■ **Data excerpts**:
Lemma cyl_gap_kerP (x : VS) :
  reflect (forall c, circle_gap c x = 0) (x \in lker cyl_gap_hom).
Proof.
rewrite memv_ker hom_ofE; apply: (iffP eqP) => [/ffunP x0 c | x0].
  by move: (x0 c); rewrite !ffunE.
by apply/ffunP => c; rewrite !ffunE x0.
Qed.

Lemma cochains0_cobound_ker_const (x : VS) :
  x \in cochains0 -> x \in lker cobound_hom -> forall s, x s = x r.
Proof.
move=> /memv_capP[/vertex_fnsP xv /cyl_gap_kerP xc] /cobound_kerP xn.
have xcirc := fconnect_const xn.
have xalpha s : x (alpha s) = x s by rewrite -xv alphaK xn.
have xcell u v : cell u = cell v -> x u = x v.
  move=> cuv; have [[s0 [_ [_ cover]]]|[s [t cyl]]] := cell_shape (cell u).
    by rewrite (xcirc _ _ (cover u erefl)) (xcirc _ _ (cover v (esym cuv))).
  move: (xc (cell u)); rewrite /circle_gap (negbTE (cyl_at_not_disc cyl)).
  case: pickP => [s0 /eqP cs0 gap0|/(_ u)]; last by rewrite eqxx.
  suff on_s0 a : cell a = cell u -> x a = x s0.
    by rewrite (on_s0 u) // (on_s0 v) // -cuv.
  move=> ca; have [s0a|ns0a] := boolP (s0 ~ a); first exact: xcirc.
  move: gap0; case: pickP => [t0 /andP[/eqP ct0 nt0] /eqP|/(_ a)]; last by rewrite ca eqxx ns0a.
  rewrite F2_addr_eq0 => /eqP ->; apply: xcirc.
  exact: cyl_at_orbits cyl cs0 ct0 ca nt0 ns0a.
move=> s; apply: esym; move: s; apply: connected_ind => // a b.
by case/or3P => [/eqP <-|/eqP <-|/eqP cab] ->; rewrite ?xalpha ?xn // (xcell _ _ cab).
Qed.
(* Let $m\ge1$, $k\ge1$, and let $d_0,\dots,d_{k-1}\in S$ be the coefficients of $t^0,\dots,t^{k-1}$ of $\det X(t)$ for the generic $m\times m$ matrix $X(t)$. With respect to the graded reverse lexicographic order described below, $\{d_0,\dots,d_{k-1}\}$ is a Gröbner basis of $\mathcal I^{m,m}_{m,k}$. Moreover, writing an index $0\le q\le k-1$ as $q=\lambda m+\mu$ with $0\le\mu\le m-1$, the leading monomial of $d_q$ is $$\prod_{i=1}^{m-\mu}x^{(\lambda)}_{i,\,m-\mu+1-i}\ \cdot\prod_{i=m-\mu+1}^{m}x^{(\lambda+1)}_{i,\,2m-\mu+1-i},$$ and the leading monomials of distinct $d_q$ involve disjoint sets of variables.
   Context: Let $F$ be an algebraically closed field, $S=F[x^{(l)}_{i,j}:1\le i,j\le m,\ 0\le l\le k-1]$, and $X(t)$ the $m\times m$ matrix over $S[t]/(t^k)$ with entries $x_{i,j}(t)=\sum_{l=0}^{k-1}x^{(l)}_{i,j}t^l$; every element of $S[t]/(t^k)$ is uniquely $\sum_{l=0}^{k-1}c_lt^l$, $c_l\in S$. $\mathcal I^{m,m}_{m,k}$ is the ideal of $S$ generated by the coefficients of all powers of $t$ of $\det X(t)$. The variables are totally ordered by: $x^{(l)}_{i,j}>x^{(l')}_{i',j'}$ iff $l>l'$, or $l=l'$ and $(i,j)$ precedes $(i',j')$ lexicographically (i.e. $x^{(k-1)}_{1,1}>x^{(k-1)}_{1,2}>\dots>x^{(k-1)}_{m,m}>x^{(k-2)}_{1,1}>\dots>x^{(0)}_{m,m}$). The graded reverse lexicographic (grevlex) order on monomials with respect to this variable order is: monomials are first compared by total degree; for equal total degree, $\alpha>\beta$ iff, listing variables from largest to smallest and viewing exponent vectors in $\mathbb Z^{km^2}$, the rightmost (i.e. smallest-variable) nonzero entry of $\alpha-\beta$ is negative. *)

From HB Require Import structures.
From mathcomp Require Import all_boot all_order all_algebra.
From mathcomp Require Import mpoly.
Set Implicit Arguments. Unset Strict Implicit. Unset Printing Implicit Defensive.
Import Order.TTheory GRing.Theory.
Local Open Scope ring_scope.
Lemma RInt_gt_0_of_pt (f : R -> R) (a b x0 : R) :
  a < b -> a <= x0 <= b ->
  (forall x, a <= x <= b -> continuous f x) ->
  (forall x, a <= x <= b -> 0 <= f x) ->
  0 < f x0 -> 0 < RInt f a b.
Proof.
  intros Hab Hx0 Hc Hpos Hfx0.
  destruct (proj1 (filterlim_locally f (f x0)) (Hc x0 Hx0)
              (mkposreal _ (Rdiv_lt_0_compat _ 2 Hfx0 Rlt_0_2))) as [d Hd].
  set (c := Rmax a (x0 - d / 2)). set (e := Rmin b (x0 + d / 2)).
  pose proof (cond_pos d).
  assert (Hc1 : a <= c <= x0) by (unfold c, Rmax; destruct Rle_dec; lra).
  assert (He1 : x0 <= e <= b) by (unfold e, Rmin; destruct Rle_dec; lra).
  assert (Hce : c < e) by (unfold c, e, Rmax, Rmin; do 2 destruct Rle_dec; lra).
  assert (Hex : forall p q, a <= p -> p <= q -> q <= b -> ex_RInt f p q).
  { intros p q Hp Hpq Hq. apply (ex_RInt_continuous (V := R_CompleteNormedModule)).
    intros z Hz. apply Hc.
    rewrite Rmin_left, Rmax_right in Hz; lra. }
  rewrite <- (RInt_Chasles f a c b), <- (RInt_Chasles f c e b) by (apply Hex; lra).
  assert (0 <= RInt f a c) by (apply RInt_ge_0; [lra | apply Hex; lra | intros; apply Hpos; lra]).
  assert (0 <= RInt f e b) by (apply RInt_ge_0; [lra | apply Hex; lra | intros; apply Hpos; lra]).
  assert (0 < RInt f c e).
  { apply RInt_gt_0; [exact Hce | | intros; apply Hc; lra].
    intros x Hx. assert (Hball : ball x0 d x).
    { change (Rabs (x - x0) < d). apply Rabs_def1; unfold c, e, Rmax, Rmin in Hx;
      revert Hx; do 2 destruct Rle_dec; lra. }
    specialize (Hd x Hball). change (Rabs (f x - f x0) < f x0 / 2) in Hd.
    apply Rabs_def2 in Hd. lra. }
  change plus with Rplus. lra.
Qed.

Lemma is_glb_exists (E : R -> Prop) :
  (exists q, E q) -> (exists m, forall q, E q -> m <= q) -> exists l, is_glb E l.
Proof.
  intros [q0 Hq0] [m Hm].
  destruct (completeness (fun x => E (- x))) as [s [Hub Hleast]].
  - exists (- m). intros x Hx. specialize (Hm _ Hx). lra.
  - exists (- q0). rewrite Ropp_involutive. exact Hq0.
  - exists (- s). split.
    + intros x Hx. assert (- x <= s); [| lra]. apply Hub. rewrite Ropp_involutive. exact Hx.
    + intros b Hb. assert (s <= - b); [| lra]. apply Hleast. intros x Hx.
      specialize (Hb _ Hx). lra.
Qed.

Lemma abs_pow2_nonneg g x : 0 <= abs_pow2 g x.
Proof. unfold abs_pow2. destruct Req_dec_T; [lra | left; apply Rpower_pos]. Qed.

Lemma abs_pow2_le g h x : 0 <= g -> Rabs x <= h -> abs_pow2 g x <= Rpower h (2 * g).
Proof.
  intros Hg Hx. unfold abs_pow2. destruct Req_dec_T as [_ | Hx0]; [left; apply Rpower_pos |].
  apply Rle_Rpower_l; [lra | split; [apply Rabs_pos_lt |]; assumption].
Qed.

Lemma abs_pow2_ge g h x : 0 <= g -> 0 < h <= Rabs x -> Rpower h (2 * g) <= abs_pow2 g x.
Proof.
  intros Hg Hx. unfold abs_pow2. destruct Req_dec_T as [-> | _].
  - rewrite Rabs_R0 in Hx. lra.
  - apply Rle_Rpower_l; lra.
Qed.

Lemma continuity_pt_abs_pow2 g x : 0 < g -> continuity_pt (abs_pow2 g) x.
Proof.
  intro Hg. destruct (Req_dec x 0) as [-> | Hx].
  - intros eps Heps. exists (Rpower eps (/ (2 * g))). split; [apply Rpower_pos |].
    intros y [[_ Hy0] Hy]. simpl in *. unfold R_dist in *. rewrite Rminus_0_r in Hy.
    unfold abs_pow2 at 2. destruct Req_dec_T as [_ | []]; [| reflexivity].
    rewrite Rminus_0_r, Rabs_right by apply Rle_ge, abs_pow2_nonneg.
    unfold abs_pow2. destruct Req_dec_T as [| _]; [congruence |].
    replace eps with (Rpower (Rpower eps (/ (2 * g))) (2 * g))
      by (rewrite Rpower_mult, Rinv_l, Rpower_1; lra).
    apply Rlt_Rpower_l; [lra | split; [apply Rabs_pos_lt |]; auto].
  - apply continuity_pt_filterlim.
    apply (continuous_ext_loc _ (fun y => Rpower (Rabs y) (2 * g))).
    + apply (filter_imp (fun y => y <> 0)); [| exact (open_neq 0 x Hx)].
      intros y Hy. unfold abs_pow2. destruct Req_dec_T; [contradiction | reflexivity].
    + apply continuity_pt_filterlim, (continuity_pt_comp Rabs (fun t => Rpower t (2 * g))).
      * apply Rcontinuity_abs.
      * apply derivable_continuous_pt. eexists. apply derivable_pt_lim_power, Rabs_pos_lt, Hx.
Qed.

Section Multiplier.
Variables v v' phi dphi : R -> R.
Hypotheses
  (Hv : forall x, -1 <= x <= 1 -> derivable_pt_lim v x (v' x))
  (Hv' : forall x, -1 <= x <= 1 -> continuity_pt v' x)
  (Hv_m1 : v (-1) = 0) (Hv_1 : v 1 = 0)
  (Hphi : forall x, -1 <= x <= 1 -> derivable_pt_lim phi x (dphi x))
  (Hdphi : forall x, -1 <= x <= 1 -> continuity_pt dphi x).

Lemma is_RInt_multiplier :
  is_RInt (fun x => dphi x * v x ^ 2 + 2 * phi x * v x * v' x) (-1) 1 0.
Proof.
  replace 0 with (minus (phi 1 * v 1 ^ 2) (phi (-1) * v (-1) ^ 2))
    by (rewrite Hv_m1, Hv_1; unfold minus, plus, opp; simpl; ring).
  apply (is_RInt_derive (V := R_CompleteNormedModule) (fun x => phi x * v x ^ 2));
    rewrite Rmin_left, Rmax_right by lra; intros x Hx.
  - apply is_derive_Reals.
    replace (dphi x * v x ^ 2 + 2 * phi x * v x * v' x)
      with (dphi x * v x ^ 2 + phi x * (INR 2 * v x ^ Nat.pred 2 * v' x)) by (simpl; ring).
    apply (derivable_pt_lim_mult phi (fun y => v y ^ 2)); [apply Hphi, Hx |].
    apply (derivable_pt_lim_comp v (fun t => t ^ 2)); [apply Hv, Hx | apply derivable_pt_lim_pow].
  - assert (continuity_pt v x) by (apply derivable_continuous_pt; eexists; apply Hv, Hx).
    assert (continuity_pt phi x) by (apply derivable_continuous_pt; eexists; apply Hphi, Hx).
    apply continuity_pt_filterlim.
    repeat first [ apply continuity_pt_plus | apply continuity_pt_mult | apply continuity_pt_pow2
                 | apply continuity_pt_const; intros ? ?; reflexivity | auto ].
Qed.

Lemma multiplier_estimate (W : R -> R) (K : R) :
  (forall x, -1 <= x <= 1 -> 1 <= 2 * dphi x + K * W x) ->
  (forall x, -1 <= x <= 1 -> 8 * phi x ^ 2 <= K) ->
  ex_RInt (fun x => v' x ^ 2 + W x * v x ^ 2) (-1) 1 ->
  RInt (fun x => v x ^ 2) (-1) 1 <= 2 * K * RInt (fun x => v' x ^ 2 + W x * v x ^ 2) (-1) 1.
Proof.
  intros HW Hphi_le HF.
  set (F := fun x => v' x ^ 2 + W x * v x ^ 2) in *. set (G := fun x => v x ^ 2).
  assert (HG : ex_RInt G (-1) 1).
  { apply (ex_RInt_continuous (V := R_CompleteNormedModule)).
    rewrite Rmin_left, Rmax_right by lra. intros x Hx.
    apply continuity_pt_filterlim, continuity_pt_pow2, derivable_continuous_pt.
    eexists; apply Hv, Hx. }
  assert (Hsum : is_RInt
                   (fun x => 2 * (dphi x * v x ^ 2 + 2 * phi x * v x * v' x) + / 2 * G x + K * F x)
                   (-1) 1 (2 * 0 + / 2 * RInt G (-1) 1 + K * RInt F (-1) 1)).
  { pose proof (is_RInt_scal _ _ _ 2 _ is_RInt_multiplier) as H1.
    pose proof (is_RInt_scal _ _ _ (/ 2) _ (RInt_correct _ _ _ HG)) as H2.
    pose proof (is_RInt_scal _ _ _ K _ (RInt_correct _ _ _ HF)) as H3.
    exact (is_RInt_plus _ _ _ _ _ _ (is_RInt_plus _ _ _ _ _ _ H1 H2) H3). }
  assert (Hle : RInt G (-1) 1 <= 2 * 0 + / 2 * RInt G (-1) 1 + K * RInt F (-1) 1).
  { rewrite <- (is_RInt_unique _ _ _ _ Hsum).
    apply RInt_le; [lra | exact HG | eexists; exact Hsum |].
    intros x Hx. specialize (HW x ltac:(lra)). specialize (Hphi_le x ltac:(lra)). unfold F, G.
    (* the cross term 4 phi v v' is absorbed by v^2/2 + K v'^2 since K >= 8 phi^2 *)
    assert (0 <= (2 * dphi x + K * W x - 1) * v x ^ 2)
      by (apply Rmult_le_pos; [lra | apply pow2_ge_0]).
    assert (0 <= (K - 8 * phi x ^ 2) * v' x ^ 2) by (apply Rmult_le_pos; [lra | apply pow2_ge_0]).
    assert (0 <= (v x + 4 * phi x * v' x) ^ 2) by apply pow2_ge_0.
    nra. }
  lra.
Qed.

End Multiplier.

Lemma RInt_sq_pos v v' : admissible v v' -> 0 < RInt (fun x => v x ^ 2) (-1) 1.
Proof.
  intros (Hv & _ & _ & _ & x0 & Hx0 & Hvx0).
  apply (RInt_gt_0_of_pt _ _ _ x0);
    [lra | exact Hx0 | | intros; apply pow2_ge_0 | apply pow2_gt_0, Hvx0].
  intros x Hx. apply continuity_pt_filterlim, continuity_pt_pow2, derivable_continuous_pt.
  eexists; apply Hv, Hx.
Qed.

Lemma derivable_pt_lim_scaled_atan h x :
  h <> 0 -> derivable_pt_lim (fun y => h * atan (y / h)) x (/ (1 + (x / h) ^ 2)).
Proof.
  intro Hh.
  assert (Hpos : 0 < 1 + (x / h) ^ 2) by (pose proof (pow2_ge_0 (x / h)); lra).
  replace (/ (1 + (x / h) ^ 2)) with (h * (/ (1 + (x / h) ^ 2) * / h))
    by (field; pose proof (pow2_ge_0 x); pose proof (pow2_gt_0 h Hh); split; [exact Hh | lra]).
  apply (derivable_pt_lim_scal (fun y => atan (y / h))).
  apply (derivable_pt_lim_comp (fun y => y / h) atan); [| apply derivable_pt_lim_atan].
  apply is_derive_Reals. auto_derive; [auto | field; exact Hh].
Qed.

Lemma continuity_pt_scaled_atan_deriv h x :
  h <> 0 -> continuity_pt (fun y => / (1 + (y / h) ^ 2)) x.
Proof.
  intro Hh. apply derivable_continuous_pt. eexists. apply is_derive_Reals.
  auto_derive; [pose proof (pow2_ge_0 (x / h)); lra | reflexivity].
Qed.

Lemma atan_sq_le x : atan x ^ 2 <= (PI / 2) ^ 2.
Proof. pose proof (atan_bound x). pose proof PI_RGT_0. nra. Qed.

Lemma atan_multiplier_coercive g h c x :
  0 <= g -> 0 < h -> 1 <= c * Rpower h (2 * g) ->
  1 <= 2 * / (1 + (x / h) ^ 2) + c * abs_pow2 g x.
Proof.
  intros Hg Hh Hc.
  assert (Hc0 : 0 <= c).
  { destruct (Rle_lt_dec 0 c) as [| Hneg]; [assumption |].
    pose proof (Rpower_pos h (2 * g)). nra. }
  pose proof (abs_pow2_nonneg g x) as Hw.
  destruct (Rle_lt_dec (Rabs x) h) as [Hx | Hx].
  - assert (Hxh : (x / h) ^ 2 <= 1).
    { assert (x ^ 2 <= h ^ 2) by (rewrite <- (pow2_abs x); pose proof (Rabs_pos x); nra).
      replace ((x / h) ^ 2) with (x ^ 2 / h ^ 2) by (field; lra).
      apply (Rdiv_le_1 (x ^ 2) (h ^ 2)); nra. }
    assert (/ 2 <= / (1 + (x / h) ^ 2))
      by (apply Rinv_le_contravar; [pose proof (pow2_ge_0 (x / h)) |]; lra).
    pose proof (Rmult_le_pos _ _ Hc0 Hw). lra.
  - pose proof (Rinv_0_lt_compat (1 + (x / h) ^ 2) ltac:(pose proof (pow2_ge_0 (x / h)); lra)).
    pose proof (Rmult_le_compat_l _ _ _ Hc0 (abs_pow2_ge g h x Hg ltac:(lra))). lra.
Qed.

Definition length_scale (n : nat) (g : R) : R := Rpower (INR n) (- / (1 + g)).

Lemma length_scale_pos n g : 0 < length_scale n g.
Proof. apply Rpower_pos. Qed.

Section LengthScale.
Variables (n : nat) (g : R).
Hypotheses (Hn : (1 <= n)%nat) (Hg : 0 < g).

Let n_pos : 0 < INR n.
Proof. apply lt_0_INR; lia. Qed.

Lemma length_scale_le_1 : length_scale n g <= 1.
Proof.
  rewrite <- (Rpower_O (INR n) n_pos). apply Rle_Rpower.
  - apply (le_INR 1), Hn.
  - pose proof (Rinv_0_lt_compat (1 + g) ltac:(lra)). lra.
Qed.

Lemma inv_length_scale_sq : / length_scale n g ^ 2 = Rpower (INR n) (2 / (1 + g)).
Proof.
  rewrite <- (Rpower_pow 2 _ (length_scale_pos n g)). unfold length_scale. rewrite Rpower_mult.
  replace (- / (1 + g) * INR 2) with (- (2 / (1 + g))) by (simpl; field; lra).
  rewrite Rpower_Ropp. apply Rinv_inv.
Qed.

Lemma length_scale_weight :
  INR n ^ 2 * Rpower (length_scale n g) (2 * g) = Rpower (INR n) (2 / (1 + g)).
Proof.
  unfold length_scale. rewrite <- (Rpower_pow 2 _ n_pos), Rpower_mult, <- Rpower_plus.
  f_equal. simpl. field. lra.
Qed.

Lemma potential_at_length_scale :
  1 <= 2 * PI ^ 2 * length_scale n g ^ 2 * (INR n * PI) ^ 2 * Rpower (length_scale n g) (2 * g).
Proof.
  replace (2 * PI ^ 2 * length_scale n g ^ 2 * (INR n * PI) ^ 2 * Rpower (length_scale n g) (2 * g))
    with (2 * PI ^ 4 * (length_scale n g ^ 2 * (INR n ^ 2 * Rpower (length_scale n g) (2 * g))))
    by ring.
  rewrite length_scale_weight, <- inv_length_scale_sq, Rinv_r
    by apply pow_nonzero, Rgt_not_eq, length_scale_pos.
  pose proof PI2_1. assert (1 <= PI ^ 2) by nra.
  replace (PI ^ 4) with (PI ^ 2 * PI ^ 2) by ring. nra.
Qed.

End LengthScale.
Lemma sum_Stilde_Pab (R : numFieldType) (al be x : R) (n : nat) : be != 0 ->
  \sum_(k < n.+1) ((-1) ^+ (n - k) * Sab (- al / be) (1 / be) n k) * Pab al be k x
  = \sum_(m < n.+1) x ^+ m / m`!%:R *
      \sum_(i < m.+1) (-1) ^+ i * 'C(m, i)%:R * falling ((m - i)%N%:R) n.
Proof.
move=> be_neq0.
under eq_bigr => k _ do rewrite (Pab_expansion al be x (leq_ord k)) mulr_sumr.
rewrite exchange_big /=; apply: eq_bigr => m _.
under eq_bigr => k _ do rewrite !mulr_sumr.
rewrite exchange_big mulr_sumr /=; apply: eq_bigr => i _.
rewrite -(sum_Stilde_rising al _ n be_neq0) !mulr_sumr; apply: eq_bigr => k _.
by rewrite mulrCA; congr (_ * _); exact: mulrCA.
Qed.

Theorem proposition2 (R : realFieldType) (al be : R) (hbe : be != 0)
    (n : nat) (x : R) :
  x ^+ n = \sum_(k < n.+1)
     ((-1) ^+ (n - k) * Sab (- al / be) (1 / be) n k) * Pab al be k x.
Proof.
rewrite sum_Stilde_Pab //.
under eq_bigr => m _ do rewrite sum_sign_bin_falling ?leq_ord //.
rewrite big_ord_recr /= eqxx mul1r divfK ?fact_natr_neq0 // big1 ?add0r //.
by move=> m _; rewrite (ltn_eqF (ltn_ord m)) mul0r mulr0.
Qed.
(* Let $q_1,q_2,q_3\in(0,1)$ with $q_1+q_2+q_3=1$. On $\mathbb{C}^6$ with basis $\{|0\rangle,\dots,|5\rangle\}$ let $\overline{L}_1=\mathbb{I}_6$, and let $\overline{L}_2$, $\overline{L}_3$, $\overline{S}_1$, $\overline{S}_2$, $\overline{S}_3$ be the permutation unitaries that swap $|0\rangle$ with $|1\rangle$, $|2\rangle$, $|3\rangle$, $|4\rangle$, $|5\rangle$ respectively and fix all other basis vectors. Define the noisy unitary channels $\overline{\mathcal{L}}(\rho)=\sum_{k=1}^3 q_k\overline{L}_k\rho\overline{L}_k^\dagger$ and $\overline{\mathcal{S}}(\rho)=\sum_{k=1}^3 q_k\overline{S}_k\rho\overline{S}_k^\dagger$. Then for discriminating $\overline{\mathcal{L}}$ and $\overline{\mathcal{S}}$, a single-system probe is better than a maximally entangled probe: there is a state $\rho$ on $\mathbb{C}^6$ such that for every maximally entangled state $|\Psi\rangle\in\mathbb{C}^6\otimes\mathbb{C}^6$, $$\tfrac12+\tfrac14\|\overline{\mathcal{L}}(\rho)-\overline{\mathcal{S}}(\rho)\|_1>\tfrac12+\tfrac14\|(\overline{\mathcal{L}}\otimes\mathrm{id})(|\Psi\rangle\langle\Psi|)-(\overline{\mathcal{S}}\otimes\mathrm{id})(|\Psi\rangle\langle\Psi|)\|_1.$$
   Context: For two channels chosen with equal priors $1/2$, the single-shot success probability with a single-system probe $\rho$ is $\frac12+\frac14\|\mathcal{N}_1(\rho)-\mathcal{N}_2(\rho)\|_1$, and with a bipartite probe $\rho_{AB}$ (channel on $A$) it is $\frac12+\frac14\|(\mathcal{N}_1\otimes\mathrm{id})(\rho_{AB})-(\mathcal{N}_2\otimes\mathrm{id})(\rho_{AB})\|_1$; $\|\cdot\|_1$ is the trace norm. A pure state on $\mathbb{C}^6\otimes\mathbb{C}^6$ is maximally entangled if its reduced states are $\mathbb{I}_6/6$. *)

From HB Require Import structures.
From mathcomp Require Import all_boot all_order all_algebra.
From mathcomp Require Import fingroup perm complex mxtens.
Set Implicit Arguments. Unset Strict Implicit. Unset Printing Implicit Defensive.
Import Order.TTheory GRing.Theory Num.Theory.
Local Open Scope ring_scope.
Local Open Scope complex_scope.

Definition adj (R : rcfType) (m n : nat) (A : 'M[R[i]]_(m, n)) : 'M[R[i]]_(n, m) :=
  map_mx (@conjc R) A^T.

Definition unitary (R : rcfType) (n : nat) (U : 'M[R[i]]_n) : Prop :=
  U *m adj U = 1%:M /\ adj U *m U = 1%:M.

Definition density (R : rcfType) (n : nat) (rho : 'M[R[i]]_n) : Prop :=
  adj rho = rho /\
  (forall v : 'cV[R[i]]_n, 0 <= (adj v *m rho *m v) 0 0) /\
  \tr rho = 1.

(* trace norm: ||A||_1 = sum of the singular values of A, i.e.
   trace_norm_is A t  iff  A = U diag(d) V with U, V unitary, d >= 0, t = sum d. *)
Definition trace_norm_is (R : rcfType) (n : nat) (A : 'M[R[i]]_n) (t : R) : Prop :=
  exists (U V : 'M[R[i]]_n) (d : 'rV[R]_n),
    [/\ unitary U, unitary V, (forall j, 0 <= d 0 j),
        A = U *m diag_mx (map_mx (fun x : R => x%:C) d) *m V
      & t = \sum_j d 0 j].

Definition swap6 (R : rcfType) (j : 'I_6) : 'M[R[i]]_6 := perm_mx (tperm 0 j).

(* Kraus operators: Lbar_1 = I, Lbar_2 = swap(0,1), Lbar_3 = swap(0,2);
   Sbar_1 = swap(0,3), Sbar_2 = swap(0,4), Sbar_3 = swap(0,5).  k : 'I_3 indexes k = 1,2,3. *)
Definition Lbar (R : rcfType) (k : 'I_3) : 'M[R[i]]_6 := swap6 R (inord k).
Definition Sbar (R : rcfType) (k : 'I_3) : 'M[R[i]]_6 := swap6 R (inord (k + 3)).

Definition mixunitary (R : rcfType) (q : 'I_3 -> R) (K : 'I_3 -> 'M[R[i]]_6)
  (rho : 'M[R[i]]_6) : 'M[R[i]]_6 :=
  \sum_(k < 3) (q k)%:C *: (K k *m rho *m adj (K k)).

Definition mixunitary_tens_id (R : rcfType) (q : 'I_3 -> R) (K : 'I_3 -> 'M[R[i]]_6)
  (X : 'M[R[i]]_(6 * 6)) : 'M[R[i]]_(6 * 6) :=
  \sum_(k < 3) (q k)%:C *: ((K k *t (1%:M : 'M[R[i]]_6)) *m X
                            *m adj (K k *t (1%:M : 'M[R[i]]_6))).

Definition proj (R : rcfType) (n : nat) (psi : 'cV[R[i]]_n) : 'M[R[i]]_n := psi *m adj psi.

Definition ptraceB (R : rcfType) (m n : nat) (X : 'M[R[i]]_(m * n)) : 'M[R[i]]_m :=
  \matrix_(a, a') \sum_(b < n) X (mxtens_index (a, b)) (mxtens_index (a', b)).
Definition ptraceA (R : rcfType) (m n : nat) (X : 'M[R[i]]_(m * n)) : 'M[R[i]]_n :=
  \matrix_(b, b') \sum_(a < m) X (mxtens_index (a, b)) (mxtens_index (a, b')).

Definition max_entangled (R : rcfType) (psi : 'cV[R[i]]_(6 * 6)) : Prop :=
  adj psi *m psi = 1%:M /\
  ptraceB (proj psi) = (6%:R)^-1 *: 1%:M /\
  ptraceA (proj psi) = (6%:R)^-1 *: 1%:M.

■ **How to complete this task**: Start with the line above that contains "map_mx (@conjc R) A^T." and stop after the line that contains "(* trace norm: ||A||_1". Output those lines exactly, and only those.

■ **Solution**:
  map_mx (@conjc R) A^T.

Definition unitary (R : rcfType) (n : nat) (U : 'M[R[i]]_n) : Prop :=
  U *m adj U = 1%:M /\ adj U *m U = 1%:M.

Definition density (R : rcfType) (n : nat) (rho : 'M[R[i]]_n) : Prop :=
  adj rho = rho /\
  (forall v : 'cV[R[i]]_n, 0 <= (adj v *m rho *m v) 0 0) /\
  \tr rho = 1.

(* trace norm: ||A||_1 = sum of the singular values of A, i.e.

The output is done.